Longtime resident and mother of three, Shannon Poulos, applauded the tireless work being done by the staff and committee members, however, she raised critical concern regarding the  town’s growing need for equality.

“There are several Winthrop students who are attending private schools in-person, yet our tax-paying residents can’t access schools. I do not believe that economic status should be what dictates access and opportunity for education. The majority of Winthrop residents don’t want to send their kids to private schools or they simply cannot afford to. During a time when there is so much discussion and protest around social injustice, it’s time to do something about it.”

Poulos brought up the importance of learning to adapt.

“If other industries have learned to adapt with social distance and mask-wearing, then Winthrop Public Schools should too.”

Like Poulos, Marissa Ferrara, mother of four, questioned why it was okay for paid programs like For Kids Only (FKO) and Parks and Rec to be open, while students are forced to stay home and learn remotely.

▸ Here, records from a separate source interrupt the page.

(** A non-triggering symbol is emitted as itself (hatted), with the empty
    continuation, so its CPS derivations are derivations in [G]. *)
Lemma sound_nontrig_symbol m a v : sound_sym m -> ~ trig_sym trig a ->
  yields (CPS G trig) m [hat_sym a] v -> generates (cfg_of G) [a] v.
Proof.
  intros Hsym Hnt Hv. destruct a as [b|Z]; simpl in Hv.
  - inversion Hv as [|? ? ? ? Hnil|]; subst. apply yields_nil_inv in Hnil; subst.
    apply generates_tm, generates_nil.
  - destruct (Hsym Z v [] Hv (sc_root _ _ _ Hnt)) as (w & we & -> & Hw & m' & _ & Hwe).
    apply yields_nil_inv in Hwe. subst. rewrite app_nil_r. exact Hw.
Qed.

Lemma sound_prod_of_sym m :
  sound_sym m -> (forall m', m' < m -> sound_prod m') -> sound_prod m.
Proof.
  intros Hsym IH tau v Hv X p q te Hpc Hte. revert p tau v Hv Hpc.
  induction q as [|a q IHq]; intros p tau v Hv Hpc.
  - rewrite <- (symcall_functional X te tau Hte (prodcall_symcall _ _ _ Hpc)) in Hv.
    exists [], v. repeat split; auto using generates_nil.
  - destruct (prodcall_cons_inv _ _ _ _ _ Hpc)
      as (tau' & Hpc' & [[Hnt ->]|(Z & -> & _ & -> & Hs)]).
    + change (hat_sym a :: tau') with ([hat_sym a] ++ tau') in Hv.
      destruct (yields_app_inv _ _ _ _ _ Hv) as (va & v' & -> & Ha & Hv').
      destruct (IHq _ _ _ Hv' Hpc') as (wq & we & -> & Hwq & Hwe).
      exists (va ++ wq), we. rewrite app_assoc. repeat split; auto.
      apply (generates_app _ [a] va q wq); auto. eapply sound_nontrig_symbol; eauto.
    + destruct (Hsym Z v tau' Hv Hs) as (wz & v' & -> & Hwz & m' & Hlt & Hv').
      destruct (IH m' Hlt _ _ Hv' _ _ _ _ Hpc' Hte) as (wq & we & -> & Hwq & Hwe).
      exists (wz ++ wq), we. rewrite app_assoc. repeat split.
      * apply (generates_app _ [Nt Z] wz q wq); auto.
      * eapply yields_mono; [exact Hwe | lia].
Qed.

Lemma cps_sound m : sound_prod m.
Proof.
  induction m as [m IH] using (well_founded_induction Wf_nat.lt_wf).
  apply sound_prod_of_sym; [apply sound_sym_of_prod|]; exact IH.
Qed.

Theorem cps_same_language X w : ~ trig X ->
  generates (cfg_of G) [Nt X] w <-> generates (CPS G trig) [Nt (Hat X)] w.
Proof.
  intros HX. pose proof (sc_root G trig X HX) as Hroot. split.
  - intros [n Hn]. destruct (yields_nt_inv _ _ _ _ Hn) as (m & rhs & _ & Hin & Hrhs).
    destruct (cps_rule_of_symcall _ _ _ Hroot Hin) as (sg & Hcps & Hsg).
    apply generates_nt with sg; [exact Hcps|]. rewrite <- (app_nil_r w).
    eapply cps_complete; eauto using generates_nil.
  - intros [n Hn].
    destruct (sound_sym_of_prod n (fun m _ => cps_sound m) X w [] Hn Hroot)
      as (w' & we & -> & Hw' & m' & _ & Hwe).
    apply yields_nil_inv in Hwe. subst. rewrite app_nil_r. exact Hw'.
Qed.
End CPSCorrect.

Definition call_site {T N : Type} (ps : list (prod T N)) (k : nat) (X : nt N)
    (p q : list (symbol T (nt N))) : Prop :=
  In (X, p ++ Nt (Fresh k) :: q) ps /\ ~ (q = [] /\ Fresh k = X).

Definition sites_in {T N : Type} (ps : list (prod T N)) (R : nat -> Prop) : Prop :=
  (forall k X p q, call_site ps k X p q -> R k) /\
  (forall k X1 p1 q1 X2 p2 q2, call_site ps k X1 p1 q1 -> call_site ps k X2 p2 q2 ->
     X1 = X2 /\ p1 = p2 /\ q1 = q2).

Section CallSites.
Context {T N : Type}.
Implicit Types (ps : list (prod T N)) (R : nat -> Prop).

Lemma call_site_app ps1 ps2 k X p q :
  call_site (ps1 ++ ps2) k X p q -> call_site ps1 k X p q \/ call_site ps2 k X p q.
Proof. intros [Hin Hs]. apply in_app_or in Hin as [Hin|Hin]; [left|right]; split; auto. Qed.

Lemma sites_weaken ps R R' : sites_in ps R -> (forall k, R k -> R' k) -> sites_in ps R'.
Proof. intros [Hr Hu] H; split; eauto. Qed.

Lemma sites_app ps1 ps2 R1 R2 :
  sites_in ps1 R1 -> sites_in ps2 R2 -> (forall k, R1 k -> R2 k -> False) ->
  sites_in (ps1 ++ ps2) (fun k => R1 k \/ R2 k).
Proof.
  intros [Hr1 Hu1] [Hr2 Hu2] Hdisj. split.
  - intros k X p q H. destruct (call_site_app _ _ _ _ _ _ H); eauto.
  - intros k X1 p1 q1 X2 p2 q2 H1 H2.
    destruct (call_site_app _ _ _ _ _ _ H1) as [O1|O1];
      destruct (call_site_app _ _ _ _ _ _ H2) as [O2|O2]; eauto;
      exfalso; eapply Hdisj; eauto.
Qed.

Lemma sites_app_adjacent ps1 ps2 a b c : a <= b -> b <= c ->
  sites_in ps1 (fun k => a <= k < b) -> sites_in ps2 (fun k => b <= k < c) ->
  sites_in (ps1 ++ ps2) (fun k => a <= k < c).
Proof.
  intros Hab Hbc H1 H2. eapply sites_weaken.
  - apply (sites_app _ _ _ _ H1 H2). intros k Hk1 Hk2; lia.
  - intros k Hk; cbv beta in Hk; lia.
Qed.

Lemma sites_none ps R : (forall k X p q, ~ call_site ps k X p q) -> sites_in ps R.
Proof. intros H; split; intros; exfalso; eapply H; eauto. Qed.

Lemma sites_plain (X : nt N) (rhs : list (symbol T (nt N))) R :
  (forall k, ~ In (Nt (Fresh k)) rhs) -> sites_in [(X, rhs)] R.
Proof.
  intros H. apply sites_none. intros k Y p q [[Hin|[]] _]. injection Hin as _ Hrhs.
  apply (H k). rewrite Hrhs. apply in_elt.
Qed.

(** The two productions [X -> Fresh n X | eps] emitted for a repetition
    have the single call site of [Fresh n] (the tail [X] is self-recursive). *)
Lemma sites_star (X : nt N) n :
  sites_in [(X, [@Nt T _ (Fresh n); Nt X]); (X, [])] (fun k => k = n).
Proof.
  assert (Hsite : forall k Y p q,
            call_site [(X, [@Nt T _ (Fresh n); Nt X]); (X, [])] k Y p q ->
            k = n /\ Y = X /\ p = [] /\ q = [Nt X]).
  { intros k Y p q [[Hin|[Hin|[]]] Hs]; injection Hin as <- Hrhs.
    - destruct p as [|x [|y p]]; simpl in Hrhs; inversion Hrhs; subst.
      + auto.
      + exfalso; auto.
      + destruct p; discriminate.
    - destruct p; discriminate. }
  split.
  - intros k Y p q H. apply Hsite in H. tauto.
  - intros k X1 p1 q1 X2 p2 q2 H1 H2.
    destruct (Hsite _ _ _ _ H1) as (_ & -> & -> & ->).
    destruct (Hsite _ _ _ _ H2) as (_ & -> & -> & ->). auto.
Qed.

Definition fresh_rhs_ok (alphas : list (symbol T (nt N))) ps R : Prop :=
  forall p k q, alphas = p ++ Nt (Fresh k) :: q ->
    R k /\ (forall X p' q', ~ call_site ps k X p' q') /\
    (forall p2 q2, alphas = p2 ++ Nt (Fresh k) :: q2 -> p = p2 /\ q = q2).

Lemma sites_with_rhs ps (X : nt N) alphas R :
  sites_in ps R -> fresh_rhs_ok alphas ps R -> sites_in (ps ++ [(X, alphas)]) R.
Proof.
  intros [Hr Hu] Hrhs.
  assert (Hnew : forall k Y p q, call_site [(X, alphas)] k Y p q ->
                   Y = X /\ alphas = p ++ Nt (Fresh k) :: q).
  { intros k Y p q [[Hin|[]] _]. injection Hin as -> ->. auto. }
  split.
  - intros k Y p q H. destruct (call_site_app _ _ _ _ _ _ H) as [H'|H']; [eauto|].
    destruct (Hnew _ _ _ _ H') as [_ E]. exact (proj1 (Hrhs _ _ _ E)).
  - intros k X1 p1 q1 X2 p2 q2 H1 H2.
    destruct (call_site_app _ _ _ _ _ _ H1) as [O1|O1];
      destruct (call_site_app _ _ _ _ _ _ H2) as [O2|O2]; [eauto| | |].
    + destruct (Hnew _ _ _ _ O2) as [_ E].
      exfalso; eapply (proj1 (proj2 (Hrhs _ _ _ E))); eauto.
    + destruct (Hnew _ _ _ _ O1) as [_ E].
      exfalso; eapply (proj1 (proj2 (Hrhs _ _ _ E))); eauto.
    + destruct (Hnew _ _ _ _ O1) as [-> E1]. destruct (Hnew _ _ _ _ O2) as [-> E2].
      destruct (proj2 (proj2 (Hrhs _ _ _ E1)) _ _ E2) as [-> ->]. auto.
Qed.

Lemma fresh_rhs_cons_plain a alphas ps R : (forall k, a <> Nt (Fresh k)) ->
  fresh_rhs_ok alphas ps R -> fresh_rhs_ok (a :: alphas) ps R.
Proof.
  intros Ha Hrhs [|x p] k q E; simpl in E; injection E as Ex E;
    [exfalso; exact (Ha k Ex)|subst x].
  destruct (Hrhs _ _ _ E) as (Hr & Hn & Hu). split; [exact Hr|]. split; [exact Hn|].
  intros [|y p'] q' E'; simpl in E'; injection E' as Ey E'; [exfalso; exact (Ha k Ey)|].
  destruct (Hu _ _ E') as [-> ->]. subst. auto.
Qed.

Lemma fresh_rhs_cons_fresh alphas ps1 ps2 n n1 n2 : S n <= n1 -> n1 <= n2 ->
  sites_in ps1 (fun k => S n <= k < n1) -> sites_in ps2 (fun k => n1 <= k < n2) ->
  fresh_rhs_ok alphas ps2 (fun k => n1 <= k < n2) ->
  fresh_rhs_ok (Nt (Fresh n) :: alphas) (ps1 ++ ps2) (fun k => n <= k < n2).
Proof.
  intros L1 L2 [Hr1 _] [Hr2 _] Hrhs [|x p] k q E; simpl in E; injection E as Ex E.
  - subst k. split; [lia|]. split.
    + intros X p' q' H. destruct (call_site_app _ _ _ _ _ _ H) as [H'|H'].
      * apply Hr1 in H'; lia.
      * apply Hr2 in H'; lia.
    + intros [|y p'] q' E'; simpl in E'.
      * injection E' as E'. subst. auto.
      * injection E' as _ E'. destruct (proj1 (Hrhs _ _ _ E')). lia.
  - subst x. destruct (Hrhs _ _ _ E) as (Hr & Hn & Hu). split; [lia|]. split.
    + intros X p' q' H. destruct (call_site_app _ _ _ _ _ _ H) as [H'|H'].
      * apply Hr1 in H'; lia.
      * exact (Hn _ _ _ H').
    + intros [|y p'] q' E'; simpl in E'; injection E' as Ey E'.
      * subst k. lia.
      * destruct (Hu _ _ E') as [-> ->]. subst. auto.
Qed.

End CallSites.

Definition expr_nested_ind {T N : Type} (P : expr T N -> Prop)
  (Hsym : forall s, P (ESym s)) (Hcat : forall es, Forall P es -> P (ECat es))
  (Halt : forall es, Forall P es -> P (EAlt es)) (Hopt : forall e, P e -> P (EOpt e))
  (Hstar : forall e, P e -> P (EStar e)) : forall e, P e :=
  fix F (e : expr T N) : P e :=
  match e with
  | ESym s => Hsym s
  | ECat es => Hcat es ((fix go (l : list (expr T N)) : Forall P l :=
      match l with [] => Forall_nil _ | x :: l' => Forall_cons _ (F x) (go l') end) es)
  | EAlt es => Halt es ((fix go (l : list (expr T N)) : Forall P l :=
      match l with [] => Forall_nil _ | x :: l' => Forall_cons _ (F x) (go l') end) es)
  | EOpt e1 => Hopt e1 (F e1)
  | EStar e1 => Hstar e1 (F e1)
  end.

(** The local fixpoints of [flatten], as named functions. *)
Definition flatten_item {T N : Type} (e1 : expr T N) (n : nat)
    : symbol T (nt N) * list (prod T N) * nat :=
  match e1 with
  | ESym s => (lift_sym s, [], n)
  | _ => let '(ps, n1) := flatten (Fresh n) e1 (S n) in (Nt (Fresh n), ps, n1)
  end.

Definition flatten_items {T N : Type} :=
  fix flatten_items (es : list (expr T N)) (n : nat)
    : list (symbol T (nt N)) * list (prod T N) * nat :=
  match es with
  | [] => ([], [], n)
  | e1 :: es' =>
      let '(a, ps1, n1) := flatten_item e1 n in
      let '(as_, ps2, n2) := flatten_items es' n1 in
      (a :: as_, ps1 ++ ps2, n2)
  end.

Definition flatten_branches {T N : Type} (X : nt N) :=
  fix flatten_branches (es : list (expr T N)) (n : nat) : list (prod T N) * nat :=
  match es with
  | [] => ([], n)
  | e1 :: es' =>
      let '(ps1, n1) := flatten X e1 n in
      let '(ps2, n2) := flatten_branches es' n1 in
      (ps1 ++ ps2, n2)
  end.

Lemma flatten_cat {T N : Type} (X : nt N) (es : list (expr T N)) n :
  flatten X (ECat es) n =
  (let '(alphas, ps, n') := flatten_items es n in (ps ++ [(X, alphas)], n')).
Proof. reflexivity. Qed.

Lemma flatten_alt {T N : Type} (X : nt N) (es : list (expr T N)) n :
  flatten X (EAlt es) n = flatten_branches X es n.
Proof. reflexivity. Qed.

Definition flatten_ok {T N : Type} (e : expr T N) : Prop :=
  forall X n ps n', flatten X e n = (ps, n') ->
  n <= n' /\ sites_in ps (fun k => n <= k < n').

Section FlattenSites.
Context {T N : Type}.

Lemma flatten_item_ok (e1 : expr T N) n a ps1 n1 :
  flatten_ok e1 -> flatten_item e1 n = (a, ps1, n1) ->
  (ps1 = [] /\ n1 = n /\ forall k, a <> Nt (Fresh k)) \/
  (a = Nt (Fresh n) /\ S n <= n1 /\ sites_in ps1 (fun k => S n <= k < n1)).
Proof.
  intros Hok H. destruct e1 as [s| | | |]; unfold flatten_item in H;
    try (destruct (flatten (Fresh n) _ (S n)) as [ps n2] eqn:E;
         injection H as <- <- <-; right; destruct (Hok _ _ _ _ E); auto).
  injection H as <- <- <-. left. repeat split. intros k; destruct s; discriminate.
Qed.

Lemma flatten_items_ok (es : list (expr T N)) : Forall flatten_ok es ->
  forall n alphas ps n', flatten_items es n = (alphas, ps, n') ->
  n <= n' /\ sites_in ps (fun k => n <= k < n') /\
  fresh_rhs_ok alphas ps (fun k => n <= k < n').
Proof.
  induction 1 as [|e1 es Hok1 Hoks IH]; intros n alphas ps n' H; simpl in H.
  - injection H as <- <- <-. split; [lia|]. split.
    + apply sites_none. intros k X p q [[] _].
    + intros p k q E. exfalso; exact (app_cons_not_nil _ _ _ E).
  - destruct (flatten_item e1 n) as [[a ps1] n1] eqn:E1.
    destruct (flatten_items es n1) as [[alphas2 ps2] n2] eqn:E2.
    injection H as <- <- <-. destruct (IH _ _ _ _ E2) as (L2 & Hs2 & Hr2).
    destruct (flatten_item_ok e1 n a ps1 n1 Hok1 E1) as [(-> & -> & Ha)|(-> & L1 & Hs1)].
    + split; [lia|]. split; [exact Hs2|]. exact (fresh_rhs_cons_plain _ _ _ _ Ha Hr2).
    + split; [lia|]. split.
      * apply sites_app_adjacent with n1; try lia; [|exact Hs2].
        eapply sites_weaken; [exact Hs1|]. intros k Hk; cbv beta in Hk; lia.
      * exact (fresh_rhs_cons_fresh _ _ _ _ _ _ L1 L2 Hs1 Hs2 Hr2).
Qed.

Lemma flatten_branches_ok (X : nt N) (es : list (expr T N)) : Forall flatten_ok es ->
  forall n ps n', flatten_branches X es n = (ps, n') ->
  n <= n' /\ sites_in ps (fun k => n <= k < n').
Proof.
  induction 1 as [|e1 es Hok1 Hoks IH]; intros n ps n' H; simpl in H.
  - injection H as <- <-. split; [lia|]. apply sites_none. intros k Y p q [[] _].
  - destruct (flatten X e1 n) as [ps1 n1] eqn:E1.
    destruct (flatten_branches X es n1) as [ps2 n2] eqn:E2.
    injection H as <- <-.
    destruct (Hok1 _ _ _ _ E1) as [L1 Hs1]. destruct (IH _ _ _ E2) as [L2 Hs2].
    split; [lia|]. apply sites_app_adjacent with n1; auto.
Qed.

“I have  grave concerns about the remote learning model and I’ve witnessed firsthand the detrimental affect it has had on my senior,” said Ferrara, who is the Senior Class Advisor. “The socioeconomic gap in education that is being caused by this will take years to overcome. Let’s copy the models of the schools that are open and get back to in-person learning.” 

Students stepped into the conversation, sharing their personal experiences regarding remote learning.

“I’ve witnessed firsthand how detrimental remote learning is,” said senior, Jenna Dorr, on behalf of her classmates. “Kids of all levels are dealing with tech outages, Zoom confusion, excessive screen time, and a decline in their social emotional wellbeing. I can’t imagine how a first grader feels when they fall behind in a class on the screen. How can a teacher gauge how a student is learning?”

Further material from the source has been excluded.